Collected data
Lemma exists_rotation_addC_conj_gt1 [s eta : algC] :
  `|s| = 1 -> 5.-primitive_root eta ->
  exists k : nat, 1 < s * eta ^+ k + (s * eta ^+ k)^*.
Proof.
move=> s1 eta_prim; pose Y k := s * eta ^+ k; pose u k := Y k + (Y k)^*.
have Y1 k : `|Y k| = 1 by rewrite normrM normrX s1 (norm_prim_root eta_prim) expr1n mulr1.
have psum j : (0 < j < 5)%N -> \sum_(k < 5) Y k ^+ j = 0.
  move=> j_bd; rewrite (eq_bigr (fun k : 'I_5 => s ^+ j * (eta ^+ j) ^+ k)); last first.
    by move=> k _; rewrite exprMn exprAC.
  rewrite -mulr_sumr sum_unity_root_eq0 ?mulr0 //.
    by rewrite exprAC (prim_expr_order eta_prim) expr1n.
  by rewrite -(prim_order_dvd eta_prim); apply/negP => /dvdn_leq; lia.
have psumC j : (0 < j < 5)%N -> \sum_(k < 5) (Y k)^* ^+ j = 0.
  move=> j_bd; rewrite (eq_bigr (fun k : 'I_5 => (Y k ^+ j)^*)) => [|k _]; last by rewrite rmorphXn.
  by rewrite -rmorph_sum psum // rmorph0.
(* [P u = u^2 (u + 2) (u - 1)] is [<= 0] on [[-2, 1]] but sums to [10] over the five rotations. *)
have P_sum : \sum_(k < 5) u k ^+ 2 * (u k + 2) * (u k - 1) = 10.
  have P_expand k : u k ^+ 2 * (u k + 2) * (u k - 1) =
      Y k ^+ 4 + (Y k)^* ^+ 4 + (Y k ^+ 3 + (Y k)^* ^+ 3)
      + 2 * (Y k ^+ 2 + (Y k)^* ^+ 2) + 3 * (Y k + (Y k)^*) + 2.
    by have YY := mul_conjC_norm1 (Y1 k); rewrite /u; ring: YY.
  under eq_bigr => k _ do rewrite P_expand.
  rewrite !big_split -!mulr_sumr !big_split /= (psum 1) ?(psumC 1) ?psum ?psumC //.
  by rewrite sumr_const card_ord !(mulr0, addr0, add0r) -natrD.
have [k u_gt1 | u_le1] := pickP [pred k : 'I_5 | 1 < u k]; first by exists k.
suff : 10 <= 0 :> algC by rewrite lern0.
rewrite -P_sum; apply: sumr_le0 => k _.
have u_real := real_addC_conj (Y k).
apply: mulr_ge0_le0; last by rewrite subr_le0 (real_leNgt u_real) ?rpred1 //; apply/negbT/u_le1.
by rewrite mulr_ge0 // -?realEsqr // /u -(sqr_normD1_circle (Y1 k)) exprn_ge0.
Qed.

(* n.-root (-1) has the largest real part among the n-th roots of -1 with nonnegative
   imaginary part.  If r := (5q).-root (-1) satisfied r^q = -1, a fifth root y of r with
   1 < y + y^* would be another one with larger real part, by Dickson's formula for y^5. *)
Lemma rootCN1_expr_neqN1 q : (0 < q)%N -> ((5 * q)%N.-root (-1 : algC)) ^+ q != -1.
Proof.
set n := (5 * q)%N; set r := n.-root (-1) => q_gt0; apply/eqP => rqN1.
have n_gt0 : (0 < n)%N by rewrite muln_gt0.
have r1 : `|r| = 1 by apply: (norm_eq1_expr n_gt0); rewrite rootCK // normrN1.
have [eta eta_prim] := C_prim_root_exists (isT : (0 < 5)%N).
have s5 : (5.-root r) ^+ 5 = r by apply: rootCK.
have s1 : `|5.-root r| = 1 by apply: (norm_eq1_expr (isT : (0 < 5)%N)); rewrite s5.
have [k] := exists_rotation_addC_conj_gt1 s1 eta_prim.
set y := _ * _; set u := y + _ => u_gt1.
have y1 : `|y| = 1 by rewrite normrM normrX s1 (norm_prim_root eta_prim) expr1n mulr1.
have y5 : y ^+ 5 = r by rewrite exprMn s5 exprAC (prim_expr_order eta_prim) expr1n mulr1.
have yn : y ^+ n = -1 by rewrite exprM y5 rqN1.
have u_lt2 : u < 2.
  rewrite -subr_gt0 -(sqr_normB1_circle y1) exprn_gt0 // normr_gt0 subr_eq0.
  apply: contra_eqN rqN1 => /eqP y_eq1.
  by rewrite -y5 y_eq1 !expr1n oner_neqN1.
have Re_r_lt_Re_y : 'Re r < 'Re y.
  rewrite !ReE -y5 rmorphXn (dickson5 (mul_conjC_norm1 y1)) ltr_pM2r ?invr_gt0 ?ltr0n //.
  rewrite -/u -subr_lt0 (_ : _ - _ = u * (u ^+ 2 - 1) * (u ^+ 2 - 2 ^+ 2)); last by ring.
  have u_gt0 : 0 < u := lt_trans ltr01 u_gt1.
  rewrite pmulr_rlt0 ?mulr_gt0 ?subr_lt0 ?subr_gt0 ?exprn_egt1 //.
  by rewrite ltr_pXn2r // qualifE /= ltW.
have [y' y'n [Im_y' Re_y']] : exists2 y', y' ^+ n = -1 & 0 <= 'Im y' /\ 'Re y' = 'Re y.
  have [Im_y | Im_y_lt0] := boolP (0 <= 'Im y); first by exists y.
  exists y^*; first by rewrite -rmorphXn yn rmorphN1.
  by rewrite Im_conj oppr_ge0 Re_conj ltW // real_ltNge ?Creal_Im.
have := rootC_Re_max n_gt0 y'n Im_y'; rewrite Re_y'.
by move=> /(lt_le_trans Re_r_lt_Re_y); rewrite ltxx.
Qed.

Lemma omega_prim [i] : (0 < i)%N -> (5 ^ i).-primitive_root (omega i).
Proof.
case: i => // i _; rewrite /omega.
set r := (5 ^ i.+1)%N.-root (-1).
have n_gt0 : (0 < 5 ^ i.+1)%N by rewrite expn_gt0.
have rn : r ^+ (5 ^ i.+1) = -1 := rootCK n_gt0 (-1).
have r2n : (r ^+ 2) ^+ (5 ^ i.+1) = 1 by rewrite exprAC rn sqrrN expr1n.
have [d d_prim /(dvdn_pfactor _ _ (isT : prime 5))[e]] := prim_order_exists n_gt0 r2n.
rewrite leq_eqVlt ltnS => /orP[/eqP-> d_eq | e_le_i d_eq]; first by rewrite -d_eq.
have : (r ^+ (5 ^ i)) ^+ 2 = 1.
  by rewrite -exprM mulnC exprM; apply/eqP; rewrite -(prim_order_dvd d_prim) d_eq dvdn_exp2l.
move/eqP; rewrite sqrf_eq1 => /orP[/eqP ri1 | /eqP riN1].
  by move: rn; rewrite expnS mulnC exprM ri1 expr1n => /eqP; rewrite (negbTE (oner_neqN1 _)).
by move: (rootCN1_expr_neqN1 (5 ^ i)); rewrite expn_gt0 -expnS -/r riN1 eqxx => /(_ isT).
Qed.

(** * The norm N_k *)

Definition ev (z : algC) (F : {poly int}) : algC := (map_poly intr F).[z].
HB.instance Definition _ z :=
  GRing.RMorphism.copy (ev z) (horner_eval z \o map_poly intr).

Lemma evX z : ev z 'X = z.
Proof. by rewrite /ev map_polyX hornerX. Qed.

Lemma evC z c : ev z c%:P = c%:~R.
Proof. by rewrite /ev map_polyC hornerC. Qed.

Lemma ev_Aint n z F : (0 < n)%N -> z ^+ n = 1 -> ev z F \in Aint.
Proof.
move=> n_gt0 zn1; rewrite /ev horner_coef; apply: rpred_sum => i _.
rewrite coef_map /=; apply: rpredM; first exact: Aint_int.
by apply/rpredX/(Aint_unity_root n_gt0)/unity_rootP.
Qed.

Definition cycnorm n z F := \prod_(k < n | coprime k n) ev (z ^+ k) F.

Lemma cycnormM n z F G : cycnorm n z (F * G) = cycnorm n z F * cycnorm n z G.
Proof. by rewrite -big_split; apply: eq_bigr => k _; rewrite rmorphM. Qed.

Lemma cycnormXn n z F k : cycnorm n z (F ^+ k) = cycnorm n z F ^+ k.
Proof. by rewrite -prodrXl; apply: eq_bigr => j _; rewrite rmorphXn. Qed.

Lemma eq_cycnorm n z F G : n.-primitive_root z ->
    (forall w, n.-primitive_root w -> ev w F = ev w G) ->
  cycnorm n z F = cycnorm n z G.
Proof.
by move=> z_prim evFG; apply: eq_bigr => k k_coprime; rewrite evFG ?prim_root_exp_coprime.
Qed.

Lemma cycnorm_CsubX n z (c : int) :
  cycnorm n z (c%:P - 'X) = (cyclotomic z n).[c%:~R].
Proof.
rewrite /cyclotomic horner_prod; apply: eq_bigr => k _.
by rewrite rmorphB /= evC evX hornerXsubC.
Qed.

Lemma cycnorm_Aint n z F : n.-primitive_root z -> cycnorm n z F \in Aint.
Proof.
move=> z_prim; apply: rpred_prod => k _; apply: (@ev_Aint n _ _ (prim_order_gt0 z_prim)).
by rewrite exprAC (prim_expr_order z_prim) expr1n.
Qed.

Lemma Nk_cycnorm i F : (0 < i)%N -> Nk i F = cycnorm (5 ^ i) (omega i) F.
Proof.
move=> i_gt0; have n_dvd : (5 %| 5 ^ i)%N by rewrite dvdn_exp.
have n_gt0 : (0 < 5 ^ i)%N by rewrite expn_gt0.
rewrite /cycnorm -(big_mkord (coprime^~ (5 ^ i)%N) (fun k => ev (omega i ^+ k) F)).
rewrite /Nk (big_nat_widenl _ 0) // [RHS](big_nat_widen _ _ _ _ _ (leqnSn _)).
rewrite big_nat_cond [RHS]big_nat_cond; apply: eq_bigl => j.
rewrite coprime_pexpr // coprime_sym prime_coprime //.
by case: (boolP (5 %| j)%N) => [|j_ndvd] /=; rewrite ?andbF //; lia.
Qed.

(** * Residues modulo J = ((X - 1)^3, 5) *)

Local Notation t := ('X - 1 : {poly int}).

Definition inJ (P : {poly int}) := exists Q R : {poly int}, P = t ^+ 3 * Q + 5 * R.

Lemma inJD P P' : inJ P -> inJ P' -> inJ (P + P').
Proof. by move=> [Q [R ->]] [Q' [R' ->]]; exists (Q + Q'), (R + R'); ring. Qed.

Lemma inJMr P G : inJ P -> inJ (P * G).
Proof. by move=> [Q [R ->]]; exists (Q * G), (R * G); ring. Qed.

(* A triple (a0, a1, a2) stands for a0 + a1 t + a2 t^2 in Z[X]/J = F_5[t]/(t^3); mul3 is
   the product there, with coefficients reduced to [0, 5) so that it can be computed. *)
Definition lift3 (a : int * int * int) : {poly int} :=
  let: (a0, a1, a2) := a in a0%:P + a1%:P * t + a2%:P * t ^+ 2.

Definition mod5_3 (a : int * int * int) : int * int * int :=
  let: (a0, a1, a2) := a in (a0 %% 5, a1 %% 5, a2 %% 5)%Z.

Definition mul3 (a b : int * int * int) : int * int * int :=
  let: (a0, a1, a2) := a in let: (b0, b1, b2) := b in
  mod5_3 (a0 * b0, a0 * b1 + a1 * b0, a0 * b2 + a1 * b1 + a2 * b0).

Definition exp3 a k := iter k (mul3 a) (1, 0, 0).

Definition congJ F a := inJ (F - lift3 a).

Lemma congJ_mod5 [F a] : congJ F a -> congJ F (mod5_3 a).
Proof.
case: a => [[a0 a1] a2] Fa; rewrite /congJ -[F](subrK (lift3 (a0, a1, a2))) -addrA.
apply: inJD Fa _; exists 0, ((a0 %/ 5)%Z%:P + (a1 %/ 5)%Z%:P * t + (a2 %/ 5)%Z%:P * t ^+ 2).
rewrite /= {1}(divz_eq a0 5) {1}(divz_eq a1 5) {1}(divz_eq a2 5) !polyCD !polyCM polyC_natr.
ring.
Qed.

Lemma congJ_mul [F G a b] : congJ F a -> congJ G b -> congJ (F * G) (mul3 a b).
Proof.
case: a => [[a0 a1] a2]; case: b => [[b0 b1] b2] Fa Gb; apply: congJ_mod5; rewrite /congJ.
have -> : F * G - lift3 (a0 * b0, a0 * b1 + a1 * b0, a0 * b2 + a1 * b1 + a2 * b0) =
  (F - lift3 (a0, a1, a2)) * G + (G - lift3 (b0, b1, b2)) * lift3 (a0, a1, a2)
  + t ^+ 3 * ((a1 * b2 + a2 * b1)%:P + (a2 * b2)%:P * t).
  by rewrite /= !polyCD !polyCM; ring.
apply: inJD; first by apply: inJD; apply: inJMr.
by exists ((a1 * b2 + a2 * b1)%:P + (a2 * b2)%:P * t), 0; ring.
Qed.

Lemma congJ_exp [F a] k : congJ F a -> congJ (F ^+ k) (exp3 a k).
Proof.
move=> Fa; elim: k => [|k IHk]; last by rewrite exprS; apply: congJ_mul.
by exists 0, 0; rewrite /= polyC1 polyC0 expr0; ring.
Qed.

Definition digits5 : seq int := [:: 0; 1; 2; 3; 4].

Lemma mod5_digits5 (c : int) : (c %% 5)%Z \in digits5.
Proof.
have : (0 <= c %% 5 < 5)%Z by rewrite modz_ge0 ?ltz_pmod.
by case: (c %% 5)%Z => [[|[|[|[|[|k]]]]]|k].
Qed.

Lemma units_mod_J_generated :
  all (fun a0 => (a0 == 0) || all (fun a1 => all (fun a2 =>
    has (fun p => has (fun b =>
      mul3 (mul3 (a0, a1, a2) (exp3 (-1, -1, 0) p)) (exp3 (-2, -1, 0) b) == (1, 0, 0))
    (iota 0 20)) (iota 0 10)) digits5) digits5) digits5.
Proof. by vm_compute. Qed.

Lemma unit_modJ_normal_form [f] : ~~ (5 %| f.[1])%Z ->
  exists p b, inJ (f * (- 'X) ^+ p * (-1 - 'X) ^+ b - 1).
Proof.
move=> f1_ndvd; have [g1 e1] := poly_expand1 f 1.
have [g2 e2] := poly_expand1 g1 1; have [g3 e3] := poly_expand1 g2 1.
have f_cong : congJ f ((f.[1] %% 5)%Z, (g1.[1] %% 5)%Z, (g2.[1] %% 5)%Z).
  apply: (@congJ_mod5 _ (f.[1], g1.[1], g2.[1])).
  by exists g3, 0; rewrite /= {1}e1 {1}e2 {1}e3 polyC1; ring.
have oppX_cong : congJ (- 'X) (-1, -1, 0) by exists 0, 0; rewrite /= polyC0 !polyCN polyC1; ring.
have N1subX_cong : congJ (-1 - 'X) (-2, -1, 0).
  by exists 0, 0; rewrite /= polyC0 !polyCN polyC1 -polyC_natr; ring.
have f10 : (f.[1] %% 5)%Z != 0 by apply: contra f1_ndvd => /eqP/dvdz_mod0P.
move/allP/(_ _ (mod5_digits5 f.[1])): units_mod_J_generated; rewrite (negbTE f10) orFb.
move/allP/(_ _ (mod5_digits5 g1.[1]))/allP/(_ _ (mod5_digits5 g2.[1])).
case/hasP => p _ /hasP[b _ /eqP pb]; exists p, b.
have := congJ_mul (congJ_mul f_cong (congJ_exp p oppX_cong)) (congJ_exp b N1subX_cong).
by rewrite pb /congJ /lift3 polyC1 polyC0 !mul0r !addr0.
Qed.

Section FivePowerNorm.

Context {e : nat} {z : algC}.
Hypothesis z_prim : (5 ^ e.+1).-primitive_root z.
Local Notation n := (5 ^ e.+1)%N.
Local Notation N := (cycnorm n z).

Lemma cyclotomic5_horner (w : algC) (c : int) : n.-primitive_root w ->
  (cyclotomic w n).[c%:~R] = \sum_(j < 5) c%:~R ^+ (5 ^ e * j).
Proof.
move=> w_prim; rewrite cyclotomic_prime_power // horner_sum.
by apply: eq_bigr => j _; rewrite hornerXn.
Qed.

Lemma cyclotomic5_horner1 [w : algC] : n.-primitive_root w -> (cyclotomic w n).[1] = 5.
Proof.
move=> w_prim; rewrite -[1]mulr1z cyclotomic5_horner // mulr1z.
by under eq_bigr do rewrite expr1n; rewrite sumr_const card_ord.
Qed.

Lemma cycnorm_1subX : N (1 - 'X) = 5.
Proof. by rewrite -polyC1 (cycnorm_CsubX _ _ 1) mulr1z cyclotomic5_horner1. Qed.

Lemma cycnorm_oppX : N (- 'X) = 1.
Proof.
rewrite -[- 'X]add0r -polyC0 (cycnorm_CsubX _ _ 0) cyclotomic5_horner // mulr0z.
rewrite big_ord_recl muln0 expr0 big1 ?addr0 // => j _.
by rewrite expr0n muln_eq0 expn_eq0 /=.
Qed.

Lemma cycnorm_N1subX : N (-1 - 'X) = 1.
Proof.
rewrite -polyC1 -polyCN (cycnorm_CsubX _ _ (-1)) cyclotomic5_horner // mulrN1z.
have odd_q : odd (5 ^ e) by rewrite oddX orbT.
under eq_bigr do rewrite exprM -signr_odd odd_q expr1.
by rewrite !big_ord_recr big_ord0 /=; ring.
Qed.
Lemma five_factor_cube :
  exists T : {poly int}, forall w, n.-primitive_root w -> 5 = (w - 1) ^+ 3 * ev w T.
Proof.
have phi_ge3 : (3 <= totient n)%N.
  have q_gt0 : (0 < 5 ^ e)%N by rewrite expn_gt0.
  by rewrite totient_pfactor //=; lia.
exists (- (1 - 'X) ^+ (totient n - 3) * \prod_(k < n | coprime k n) \sum_(j < k) 'X ^+ j).
move=> w w_prim; rewrite -(cyclotomic5_horner1 w_prim) cyclotomic_horner1 -(subnKC phi_ge3).
rewrite rmorphM rmorphN rmorphXn rmorphB rmorph1 /= evX rmorph_prod /= addKn exprD.
under [in RHS]eq_bigr do rewrite rmorph_sum.
under [in RHS]eq_bigr do under eq_bigr do rewrite rmorphXn /= evX.
by set a := (1 - w) ^+ (totient n - 3); set P := \prod_(_ < n | _) _; ring.
Qed.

▸ Exercise directions
Return the lines above precisely as they appear, beginning at the first line and ending at the line with "move=> j_bd; rewrite (eq_bigr (fun k : 'I_5 => (Y", and nothing after it.

▸ Completed task
Lemma exists_rotation_addC_conj_gt1 [s eta : algC] :
  `|s| = 1 -> 5.-primitive_root eta ->
  exists k : nat, 1 < s * eta ^+ k + (s * eta ^+ k)^*.
Proof.
move=> s1 eta_prim; pose Y k := s * eta ^+ k; pose u k := Y k + (Y k)^*.
have Y1 k : `|Y k| = 1 by rewrite normrM normrX s1 (norm_prim_root eta_prim) expr1n mulr1.
have psum j : (0 < j < 5)%N -> \sum_(k < 5) Y k ^+ j = 0.
  move=> j_bd; rewrite (eq_bigr (fun k : 'I_5 => s ^+ j * (eta ^+ j) ^+ k)); last first.
    by move=> k _; rewrite exprMn exprAC.
  rewrite -mulr_sumr sum_unity_root_eq0 ?mulr0 //.
    by rewrite exprAC (prim_expr_order eta_prim) expr1n.
  by rewrite -(prim_order_dvd eta_prim); apply/negP => /dvdn_leq; lia.
have psumC j : (0 < j < 5)%N -> \sum_(k < 5) (Y k)^* ^+ j = 0.
  move=> j_bd; rewrite (eq_bigr (fun k : 'I_5 => (Y k ^+ j)^*)) => [|k _]; last by rewrite rmorphXn.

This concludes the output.